Tintin et Milou, 1939
Le sceptre d'Ottokar
Planche 80
Planche prépubliée en1939 dans le Petit XXe
Encre de Chine, aquarelle et gouache sur papier
31,7 x 22,4 cm
Éditeur Casterman
Signé en bas au centre
id. 12844

Le Sceptre d'Ottokar est un sommet, l'apogée de la première partie de la carrière de Hergé. Depuis Le Lotus Bleu et sa rencontre avec Tchang, le jeune auteur fait entrer le monde réel dans les aventures de son héros. C'est particulièrement vrai dans ce récit écrit dans les dernières semaines avant le déclenchement de la seconde guerre mondiale. Si la Syldavie et la Bordurie sont des pays imaginaires, ils sont clairement situés dans les Balkans, et la menace que le second fait peser sur le premier en rappelle d'autres bien réels. Dans un de ses échanges épistolaires avec Charles Lesne, son interlocuteur chez Casterman, Hergé se fait visionnaire : « La Syldavie, c'est l'Albanie. Il se prépare là-bas une annexion en règle ». Cette planche se situe à un moment clé du récit. Après une fulgurance, Tintin a compris comment le sceptre était sorti du palais royal. Il se rend à l'endroit où il espère le retrouver, mais tombe nez à nez avec les conspirateurs.
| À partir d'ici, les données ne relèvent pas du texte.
Lemma psd_sum_rank1 X : psd X -> exists ws : seq 'cV[R]_k, X = \sum_(w <- ws) w *m w^T.
Proof.
suff peel (s : seq 'I_k) : forall X : 'M[R]_k, psd X -> (forall j, j \notin s -> X j j = 0) ->
    exists ws : seq 'cV[R]_k, X = \sum_(w <- ws) w *m w^T.
  by move=> pX; apply: (peel (enum 'I_k)) => // j; rewrite mem_enum.
elim: s => [|i s IHs] {}X pX diagX.
  by exists [::]; rewrite big_nil; apply: psd_diag0_eq0 => // j; apply: diagX.
have diagX' j : j \notin s -> schur_peel X i j j = 0.
  move=> js; rewrite schur_peelE; have [->|ji] := eqVneq j i.
    have [->|Xii] := eqVneq (X i i) 0; first by rewrite invr0 mul0r subr0.
    by field.
  have Xjj : X j j = 0 by apply: diagX; rewrite inE negb_or ji.
  by rewrite Xjj (psd_offdiag0 i pX Xjj) mul0r mulr0 subr0.
have [ws defX'] := IHs _ (psd_schur_peel i pX) diagX'.
exists (Num.sqrt (X i i)^-1 *: col i X :: ws).
rewrite big_cons -defX' /schur_peel linearZ /= -scalemxAl -scalemxAr scalerA.
by rewrite -expr2 sqr_sqrtr ?invr_ge0 ?psd_diag_ge0 // addrC subrK.
Qed.

Lemma frobE P X : frob P X = \sum_i \sum_j P i j * X i j.
Proof.
rewrite /frob /mxtrace exchange_big /=; apply: eq_bigr => i _.
by rewrite mxE; apply: eq_bigr => j _; rewrite mxE.
Qed.

Lemma frobD P X Y : frob P (X + Y) = frob P X + frob P Y.
Proof. by rewrite /frob mulmxDr mxtraceD. Qed.

Lemma frobZ P a X : frob P (a *: X) = a * frob P X.
Proof. by rewrite /frob -scalemxAr mxtraceZ. Qed.

Lemma frobBl P Q X : frob (P - Q) X = frob P X - frob Q X.
Proof. by rewrite /frob linearB /= mulmxBl linearB. Qed.

Lemma frob_diag_mx (v : 'rV[R]_k) X : frob (diag_mx v) X = \sum_i v 0 i * X i i.
Proof.
rewrite frobE; apply: eq_bigr => i _; rewrite (bigD1 i) //= big1 => [|j ji].
  by rewrite mxE eqxx mulr1n addr0.
by rewrite mxE eq_sym (negbTE ji) mulr0n mul0r.
Qed.

Lemma bform_diag_mx (v : 'rV[R]_k) x : bform (diag_mx v) x x = \sum_i v 0 i * x i 0 ^+ 2.
Proof.
rewrite bformE; apply: eq_bigr => i _; rewrite (bigD1 i) //= big1 => [|j ji].
  by rewrite mxE eqxx mulr1n addr0 expr2; ring.
by rewrite mxE eq_sym (negbTE ji) mulr0n mulr0 mul0r.
Qed.

Lemma frob_rank1 P w : P^T = P -> frob P (w *m w^T) = bform P w w.
Proof. by move=> sP; rewrite /frob sP mulmxA mxtrace_mulC mulmxA trace_mx11. Qed.

Lemma frob_psd_ge0 P X : psd P -> psd X -> 0 <= frob P X.
Proof.
move=> pP /psd_sum_rank1[ws ->].
rewrite /frob mulmx_sumr raddf_sum /= sumr_ge0 // => w _.
by rewrite -/(frob P _) frob_rank1 ?pP.1 // psd_bform_ge0.
Qed.

End PsdCone.

Section PowerInequalities.
Variable R : realType.
Implicit Types (a b c e q r s u v x : R).

Lemma powR_bernoulli_le s x : 0 < s <= 1 -> 0 <= x -> (1 + x) `^ s <= 1 + s * x.
Proof.
move=> /andP[s0 s1] x0.
have [->|s_neq1] := eqVneq s 1; first by rewrite powRr1 ?mul1r //; lra.
have s_lt1 : s < 1 by rewrite lt_neqAle s_neq1 s1.
have := @conjugate_powR R ((1 + x) `^ s) 1 s^-1 (1 - s)^-1 (powR_ge0 _ _) ler01.
rewrite invr_gt0 s0 invr_gt0 subr_gt0 s_lt1 !invrK addrC subrK => /(_ isT isT erefl).
by rewrite mulr1 -powRrM mulfV ?gt_eqF // powRr1 ?powR1 //; lra.
Qed.

Lemma powR_tangent_le q a b : 1 < q -> 0 <= a <= b ->
  b `^ q <= a `^ q + q * (b - a) * b `^ (q - 1).
Proof.
move=> q1 /andP[a0 ab].
have q0 : 0 < q by apply: lt_trans q1.
have q10 : 0 < q - 1 by rewrite subr_gt0.
have := @conjugate_powR R a (b `^ (q - 1)) q (q / (q - 1)) a0 (powR_ge0 _ _) q0.
have conj : q^-1 + (q / (q - 1))^-1 = 1 by field; rewrite !gt_eqF.
rewrite divr_gt0 // conj => /(_ isT erefl).
rewrite -powRrM mulrCA mulfV ?gt_eqF // mulr1 => young.
have bq : b `^ q = b * b `^ (q - 1) by rewrite mulr_powRB1 // (le_trans a0).
have : q * (a * b `^ (q - 1)) <= a `^ q + (q - 1) * b `^ q.
  have -> : a `^ q + (q - 1) * b `^ q = q * (a `^ q / q + b `^ q / (q / (q - 1))).
    by field; rewrite !gt_eqF.
  by rewrite ler_pM2l.
rewrite bq; nra.
Qed.

Lemma powR_sum_perturb_le (I : finType) (P : pred I) q e (a h : I -> R) :
  1 < q -> 0 <= e -> (forall i, 0 <= a i) -> (forall i, 0 <= h i) ->
  \sum_(i | P i) a i `^ q <= 1 ->
  (\sum_(i | P i) (a i + e * h i) `^ q) `^ q^-1 <=
  1 + e * \sum_(i | P i) h i * (a i + e * h i) `^ (q - 1).
Proof.
move=> q1 e0 a0 h0 sum_le1.
have q0 : 0 < q by apply: lt_trans q1.
set K := \sum_(i | P i) h i * _.
have K0 : 0 <= K by apply: sumr_ge0 => i _; apply: mulr_ge0 => //; apply: powR_ge0.
have sum_le : \sum_(i | P i) (a i + e * h i) `^ q <= 1 + q * e * K.
  apply: (@le_trans _ _ (\sum_(i | P i)
      (a i `^ q + q * e * (h i * (a i + e * h i) `^ (q - 1))))).
    apply: ler_sum => i _.
    have := @powR_tangent_le q (a i) (a i + e * h i) q1.
    rewrite lerDl a0 mulr_ge0 // => /(_ isT).
    by rewrite [_ + e * h i - a i]addrC addKr !mulrA.
  by rewrite big_split /= -mulr_sumr lerD.
have q_inv : 0 < q^-1 <= 1 by rewrite invr_gt0 q0 invf_le1 // ltW.
have lhs0 : 0 <= \sum_(i | P i) (a i + e * h i) `^ q.
  by apply: sumr_ge0 => i _; apply: powR_ge0.
have rhs0 : 0 <= 1 + q * e * K by rewrite addr_ge0 // !mulr_ge0 // ltW.
apply: le_trans (ge0_ler_powR (ltW (proj1 (andP q_inv))) lhs0 rhs0 sum_le) _.
rewrite -mulrA; apply: le_trans (powR_bernoulli_le q_inv _) _.
  by rewrite !mulr_ge0 // ltW.
by rewrite mulrA mulVf ?gt_eqF // mul1r.
Qed.

(* [theta r] is the sharp constant in Young's inequality for the conjugate
   exponents [r/2] and [r/(r-2)] (lemma [young_theta]). *)
Definition theta r : R :=
  (2 / r) `^ (2 / (r - 2)) - (2 / r) `^ (r / (r - 2)).

Lemma thetaE r : 2 < r -> theta r = (2 / r) `^ (2 / (r - 2)) * (1 - 2 / r).
Proof.
move=> r2; have r0 : 0 < r by apply: lt_trans r2.
have r20 : 0 < r - 2 by rewrite subr_gt0.
rewrite /theta; have -> : r / (r - 2) = 2 / (r - 2) + 1 by field; rewrite gt_eqF.
rewrite powRD ?powRr1 ?divr_ge0 ?ltW //; first ring.
by rewrite implybE mulf_neq0 ?orbT // ?invr_eq0 gt_eqF.
Qed.

Lemma theta_gt0 r : 2 < r -> 0 < theta r.
Proof.
move=> r2; have r0 : 0 < r by apply: lt_trans r2.
rewrite thetaE // mulr_gt0 ?powR_gt0 ?divr_gt0 //.
by rewrite subr_gt0 ltr_pdivrMr // mul1r.
Qed.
Les pages qui suivent vont décider du sort de la Syldavie... Graphiquement, Hergé maîtrise désormais son art à la perfection. Son dessin est épuré comme il ne le sera plus par la suite. Rien de superflu dans le décor, juste le nécessaire pour dégager une impression de réalisme. Sur le plan du rythme, la page est incroyablement dynamique. Quelques semaines après sa parution, dans une interview parue dans La Revue de Saint-Boniface, Hergé revient sur sa manière de faire. « Ma façon de raconter une histoire se rapproche beaucoup plus de celle du cinéma ordinaire que de celle du dessin animé. J'ai repris au cinéma actuel ses procédés de découpage : au moment où l'on parle d'un personnage, il faut montrer ce qu'il fait, varier les plans [...]. Tout cela, je le fais facilement parce que je suis arrivé à voir les choses "en cinéma", si vous me passez l'expression ». Enfin, cette planche magnifique se termine par un effet dont l'auteur a pris l'habitude : un cliffhanger, un évènement inattendu, qui va tenir les lecteurs en haleine jusqu'au jeudi suivant... Une pièce muséale.